A couple of recent papers (one by Marcus Adams, the other by Arash Abizadeh) have me thinking about Hobbes’s views about ideas, about ideas as images, and about what the parts of ideas are.

Sometimes Hobbesian ideas have what we might call conceptual parts. One example is the discussion of resolution in De Corpore 6.4. The idea square is said to have parts including line and angle, and the idea gold is said to have parts including solid and heavy.

At other times, though, the parts of ideas seem more like the spatial parts of images. One example of this occurs when Hobbes talks of remembering, and the ways memories are less detailed than experiences, in Elements of Law 3.7. This he describes as involving a “missing of parts” and a lack of “distinction of parts”. So on the one hand you look at a city and see the buildings clearly distinguished, on the other you remember it as “a mass of building only”. But here the parts that are missing, or can’t be distinguished, are spatial parts of the image.

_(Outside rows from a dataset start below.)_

Lemma three_erasures_vanish e1 e2 e3 : e1 != e2 -> e1 != e3 -> e2 != e3 ->
    (forall x, x != e1 -> x != e2 -> x != e3 ->
       forall e, e \in [:: e1; e2; e3] -> download e x = 0) ->
    Tr ((e2 - e1) / (e2 - e3)) = 0 \/ Tr ((e3 - e2) / (e3 - e1)) = 0 \/
      Tr ((e1 - e3) / (e1 - e2)) = 0 ->
  [/\ h.[e1] = 0, h.[e2] = 0 & h.[e3] = 0].
Proof.
move=> e12 e13 e23 vanish ratio0.
have e32 : e3 != e2 by rewrite eq_sym.
have e31 : e3 != e1 by rewrite eq_sym.
set a := Tr ((e1 - e3) / (e1 - e2)) in ratio0; set b := Tr ((e2 - e1) / (e2 - e3)) in ratio0.
set c := Tr ((e3 - e2) / (e3 - e1)) in ratio0.
have cycle0 : c * b * a = 0 by case: ratio0 => [->|[->|->]]; rewrite ?mulr0 ?mul0r.
have [d13 d32 d21] := downloads_cycle_eq0 e12 e13 e23 vanish cycle0.
have vanish' x : x != e1 -> x != e3 -> x != e2 ->
    forall e, e \in [:: e1; e3; e2] -> download e x = 0.
  by move=> x1 x3 x2 e; rewrite !inE => /or3P[]/eqP->; apply: vanish; rewrite ?inE ?eqxx ?orbT.
have cycle0' : Tr ((e2 - e3) / (e2 - e1)) * Tr ((e3 - e1) / (e3 - e2)) *
    Tr ((e1 - e2) / (e1 - e3)) = 0.
  rewrite (trace_FB_ratio_swap _ e12) (trace_FB_ratio_swap _ e23) (trace_FB_ratio_swap _ e31).
  by apply/eqP; rewrite -/a -/b -/c mulrNN mulrN oppr_eq0 mulrC [a * b]mulrC mulrA cycle0.
have [d12 d23 d31] := downloads_cycle_eq0 e13 e12 e32 vanish' cycle0'.
have e21 : e2 != e1 by rewrite eq_sym.
split.
- rewrite (horner_three_erasures e12 e13 e23) ?d12 ?d13 ?mul0r ?addr0 // => x *.
  by apply: vanish; rewrite ?inE ?eqxx ?orbT.
- rewrite (horner_three_erasures e21 e23 e13) ?d21 ?d23 ?mul0r ?addr0 // => x *.
  by apply: vanish; rewrite ?inE ?eqxx ?orbT.
- rewrite (horner_three_erasures e31 e32 e12) ?d31 ?d32 ?mul0r ?addr0 // => x *.
  by apply: vanish; rewrite ?inE ?eqxx ?orbT.
Qed.

End Trace.

Lemma centralized_repair_of_determining_downloads (F : finFieldType) q k
    (E : {set F}) b (g : F -> 'I_b -> F -> F) :
    (forall a j x, in_base q (g a j x)) ->
    (forall f f' : {poly F}, (size f <= k)%N -> (size f' <= k)%N ->
       (forall a j, a \notin E -> g a j f.[a] = g a j f'.[a]) ->
       forall e, e \in E -> f.[e] = f'.[e]) ->
  centralized_repair_scheme q k E b.
Proof.
move=> g_base determined.
pose masked (f : {poly F}) a j := if a \in E then 0 else g a j f.[a].
pose rec D e := if [pick f' : {poly_k F} | [forall a, forall j, D a j == masked f' a j]]
  is Some f' then f'.[e] else 0.
exists g, rec; split=> // f size_f e eE; rewrite /rec; case: pickP => [f' | no_f'].
  move=> /forallP consistent; apply: determined => // a j aE.
  by have /forallP/(_ j)/eqP := consistent a; rewrite /masked (negPf aE).
have /forallP[] := negbT (no_f' (npolyp k f)).
by move=> a; apply/forallP => j; rewrite npolypK.
Qed.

I don’t know what to make of this. But I think Hobbes is not alone, among philosophers with a more or less imagistic theory of ideas, in having these two sorts of parts in mind. So Hume usually thinks of ideas as having conceptual parts. But in Treatise 1.2, in the discussion of space, the coloured points into which our visual impressions and ideas are resolved are spatial rather than conceptual parts.